Le 01 août 1974, le bail a été renouvelé pour une durée de neuf ans moyennant un loyer annuel de 16.197,77 Francs, soit 2.469,33 Euros.
Le 01 août 1983, le bail a été renouvelé pour une durée de neuf ans moyennant un loyer annuel de 41.300,00 Francs, soit 6.296,14 Euros.
Le 01 août 1992, le bail a été renouvelé pour une durée de neuf ans moyennant un loyer annuel de 57.600,00 Francs, soit 8.689,59 Euros.
Le 01 août 2001, le bail a été renouvelé pour une durée de neuf ans moyennant un loyer annuel de 9.604,29 Euros.
Le 01 août 2010, le bail a été renouvelé pour une durée de neuf ans moyennant un loyer annuel de 12.906,34 Euros.
Par acte en date du 11 février 2019, [X] [C] a signifié à la SA HSBC FRANCE venant aux droits et obligations de la société CREDIT COMMERCIAL DE FRANCE un congé pour le 30 septembre 2019 avec offre de renouvellement du bail moyennant un loyer annuel d’un montant de 14.600,00 Euros.
A la date de renouvellement, soit le 01 octobre 2019, le loyer annuel s’élevait à la somme de 13.950,72 Euros HT et HC.
Le 27 septembre 2021, la SA HSBC CONTINENTAL EUROPE anciennement dénommée SA HSBC FRANCE a notifié à [X] [C] un mémoire en fixation du loyer annuel à la somme de 9.346,00 Euros HT HC.
Par acte en date du 14 septembre 2023, la SA HSBC CONTINENTAL EUROPE a assigné [X] [C] aux fins d’obtenir :
— la fixation du loyer à la somme de 9.346,00 Euros par an,
— le remboursement des loyers trop perçus avec intérêts capitalisés calculés au taux légal à compter du 01 octobre 2019,
— subsidiairement, une expertise,
— subsidiairement, la fixation du loyer annuel à la somme de 14.600,00 Euros,
— la somme de 5.000,00 Euros sur le fondement de l’article 700 du Code de Procédure Civile.
La SA CCF se substituant de plein droit à la SA HSBC CONTINENTAL EUROPE est intervenu volontairement à la cause.
[X] [C] conclut à la fixation du loyer à la somme de 26.250,00 Euros par an HC et HT. Elle demande la somme de 5.000,00 Euros sur le fondement de l’article 700 du Code de Procédure Civile.
*
MOTIFS
— Sur la recevabilité des demandes de [X] [C]
L’article 32 du Code de Procédure Civile prévoit :
Est irrecevable toute prétention émise par ou contre une personne dépourvue du droit d’agir.
L’article 126 du Code de Procédure Civile prévoit :
Dans le cas où la situation donnant lieu à fin de non-recevoir est susceptible d’être régularisée, l’irrecevabilité sera écartée si sa cause a disparu au moment où le juge statue.

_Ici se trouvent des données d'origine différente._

Lemma residual_eq0 : residual = 0.
Proof.
suff res0 i : residual i = 0 by apply/ffunP => i; rewrite res0 ffunE.
set y := residual i.
apply: (ipnorm_eq0 hH); apply/eqP; rewrite eq_le ipnorm_ge0 andbT.
apply/ler_addgt0Pr => d d0; rewrite add0r.
have [a [ha hya]] := dense y (exprn_gt0 2 d0).
have n1 : ipnorm ip (y - a) <= d by apply: (ipnorm_le hH); rewrite ltW.
have h1 : ipnorm ip y ^+ 2 <= ipnorm ip y * d.
  rewrite (ipnorm_sqr hH) /Defs.nsq -[X in ip y X](subrK a) (ipDr hH) (residual_orth_bessel i ha) addr0. apply: le_trans (Re_le_normc _) _; apply: le_trans (normc_ip_le hH _ _) _.
  by rewrite ler_wpM2l ?ipnorm_ge0.
by have := ipnorm_ge0 ip y; nra.
Qed.

Lemma eta_in_orbit_cspan : K eta_vec.
Proof.
have [Kp _] := orbit_proj_spec hH sigma xi eta_vec.
by move/eqP: residual_eq0; rewrite subr_eq0 => /eqP ->.
Qed.

Lemma orbit_cspan_sub v :
  Hk_closed_span ip (orbitk sigma eta) v -> Hk_closed_span ip (orbitk sigma xi) v.
Proof.
move=> /Hk_closed_spanE hv; apply/Hk_closed_spanE; apply: (cspan_sub hHk) hv => w [g hg].
have -> : w = diag_rep sigma g eta_vec.
  by apply/ffunP => i; rewrite !ffunE; exact: (congr1 (fun f => f i) hg).
exact: (cspan_diag_rep sigmaU sigmaM g eta_in_orbit_cspan).
Qed.

End Residual.

Unset Implicit Arguments. Set Strict Implicit.
Theorem lemma3p6 (R : realType) (V : lmodType R[i]) (ip : V -> V -> R[i])
  (G : groupType) (pi sigma : G -> V -> V) (k : nat) (xi eta : 'I_k -> V) :
  is_hilbert_space ip ->
  (exists f : G -> nat, injective f) ->
  proj_unitary_rep ip pi -> proj_unitary_rep ip sigma ->
  commutant_pair ip pi sigma ->
  bessel_dense ip pi ->
  (forall i, bessel_vec ip pi (xi i)) ->
  (forall i, bessel_vec ip pi (eta i)) ->
  (forall y, l2k_closed_span (Theta_range ip pi xi) y <->
             l2k_closed_span (Theta_range ip pi eta) y) ->
  (forall v, Hk_closed_span ip (orbitk sigma xi) v <->
             Hk_closed_span ip (orbitk sigma eta) v).
Proof.
move=> hH _ [piU [mu [mu1 piM]]] [sigmaU [mus [mus1 sigmaM]]] pi_sigma dense xiB etaB hTheta v.
split; apply: (orbit_cspan_sub hH piU mu1 piM sigmaU mus1 sigmaM pi_sigma dense) => // x.
- by apply/hTheta/Thetak_closed_span.
- by apply/hTheta/Thetak_closed_span.
Qed.
Lemma natmap_inj_coef A G C L : GRing.subring_closed A -> natmap_inj A G ->
  pairs_in A G L -> pair_sum L = 0 -> pair_coef C L = 0.
Proof.
move=> hA hi hL L0.
have coef0 : {in undup (map snd L), forall g, pair_coef (pred1 g) L = 0}.
  apply: hi; rewrite ?undup_uniq -?pair_sum_partition //; first exact: pairs_in_keys hL.
  by move=> g _; apply: pair_coef_in hL.
by rewrite pair_coef_partition big_seq_cond big1 // => g /andP[/coef0].
Qed.

Lemma inD_subring A G : inD A G -> GRing.subring_closed A.
Proof. by case. Qed.

Lemma inD_unit_subgroup A G : inD A G -> unit_subgroup G.
Proof. by case. Qed.

Lemma inD_spans A G : inD A G -> pair_spans A G predT.
Proof. by case=> _ _ hs _; apply: natmap_surj_spans. Qed.

Lemma inD_coef A G C L :
  inD A G -> pairs_in A G L -> pair_sum L = 0 -> pair_coef C L = 0.
Proof. by case=> hA _ _ hi; apply: natmap_inj_coef. Qed.

Lemma inD_eq1 A G y : inD A G -> y \in A -> y \in G -> y = 1.
Proof.
move=> AG yA yG; apply/eqP/negPn/negP => ny1.
have hA := inD_subring AG; have G1 := unit_subgroup1 (inD_unit_subgroup AG).
have := inD_coef (pred1 y) AG (L := [:: (1, y); (- y, 1)]).
rewrite /pairs_in /= yG G1 subring_closed_one ?(subring_closed_opp hA) //.
rewrite /pair_sum /pair_coef !big_cons !big_nil /= eqxx eq_sym (negbTE ny1).
by rewrite mul1r mulr1 addr0 subrr addr0 => /(_ isT erefl) /eqP; rewrite oner_eq0.
Qed.

Lemma inD_ring_sub A G B H : inD A G -> inD B H ->
  {subset H <= G} -> {subset B <= A} -> {subset A <= B}.
Proof.
move=> AG BH HG BA a aA; have [L hL ea] := inD_spans BH (r := a) isT.
have G1 := unit_subgroup1 (inD_unit_subgroup AG).
have hP : pairs_in A G ((a, 1) :: pairs_opp L).
  by rewrite /= aA G1 (pairs_in_opp (inD_subring AG) (pairs_in_sub BA HG hL)).
have := inD_coef (pred1 1) AG hP.
rewrite /pair_sum big_cons -/(pair_sum _) pair_sum_opp -ea mulr1 subrr => /(_ erefl).
rewrite /pair_coef big_cons /= eqxx -/(pair_coef (pred1 1) _) pair_coef_opp => /eqP.
by rewrite subr_eq0 => /eqP ->; apply: pair_coef_in (inD_subring BH) hL.
Qed.
(* For positive integers $a<b\le c$, the words in $\mathbb{P}^*$ that are Wilf equivalent to $bac$ are exactly $bac$ and $cab$.
   Context: $\mathbb{P}^*$ is the set of finite words over the positive integers (usual order). For $w=w_1\ldots w_n$, $\mathrm{wt}(w)=t^nx^{\sum_i w_i}$. For words $u,w$, $u\le w$ (generalized factor order) if there are $|u|$ consecutive letters of $w$ whose $i$-th letter is $\ge$ the $i$-th letter of $u$ for each $i$. $F(u;t,x)=\sum_{w\in\mathbb{P}^*,\,u\le w}\mathrm{wt}(w)$, and $u\backsim v$ (Wilf equivalence) iff $F(u;t,x)=F(v;t,x)$. *)

From mathcomp Require Import all_boot.
Set Implicit Arguments. Unset Strict Implicit. Unset Printing Implicit Defensive.

Definition pword (w : seq nat) : bool := all (fun i => 0 < i) w.

Definition gfo (u w : seq nat) : bool :=
  [exists i : 'I_(size w).+1, (i + size u <= size w) &&
    [forall j : 'I_(size u), nth 0 u j <= nth 0 w (i + j)]].

(* Coefficient of t^n x^s in F(u;t,x): number of words w in P^* with
   |w| = n, sum of letters = s, and u <= w.  (Any such word has all letters
   <= s, so it is represented by an n-tuple over 'I_s.+1.) *)
Definition Fcoef (u : seq nat) (n s : nat) : nat :=
  #|[set w : n.-tuple 'I_s.+1 |
      [&& pword (map val w), sumn (map val w) == s &
          gfo u (map val w) ]]|.

Definition wilf_equiv (u v : seq nat) : Prop :=
  forall n s, Fcoef u n s = Fcoef v n s.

Il en est de même lorsque, avant toute forclusion, la personne ayant qualité pour agir devient partie à l’instance.
La SA CCF s’est substituée de plein droit à la SA HSBC CONTINENTAL EUROPE. [X] [C] présente désormais ses demandes à l’encontre de la SA CCF. La fin de non recevoir soulevée par la SA CCF entre dès lors en voie de rejet.
— Sur le renouvellement du bail
Il convient de constater que les parties s’accordent sur le principe du renouvellement du bail aux mêmes charges et conditions à compter du 01 octobre 2019.
— Sur la fixation du loyer
Les parties s’accordent pour exclure la qualification des locaux comme des bureaux ou des locaux monovalents.
L’article L145-33 du Code de Commerce prévoit :
Le montant des loyers des baux renouvelés ou révisés doit correspondre à la valeur locative.
A défaut d’accord, cette valeur est déterminée d’après :
1 Les caractéristiques du local considéré ;
2 La destination des lieux ;
3 Les obligations respectives des parties ;
4 Les facteurs locaux de commercialité ;
5 Les prix couramment pratiqués dans le voisinage .
L’article L145-34 du Code de Commerce prévoit :
A moins d’une modification notable des éléments mentionnés aux 1° à 4° de l’article L 145-33, le taux de variation du loyer applicable lors de la prise d’effet du bail à renouveler, si sa durée n’est pas supérieure à neuf ans, ne peut excéder la variation de l’indice national trimestriel mesurant le coût de la construction publié par l’Institut national de la statistique et des études économiques intervenue depuis la fixation initiale du loyer du bail expiré. A défaut de clause contractuelle fixant le trimestre de référence de cet indice, il y a lieu de prendre en compte la variation de l’indice national trimestriel mesurant le coût de la construction, calculée sur la période de neuf ans antérieure au dernier indice publié.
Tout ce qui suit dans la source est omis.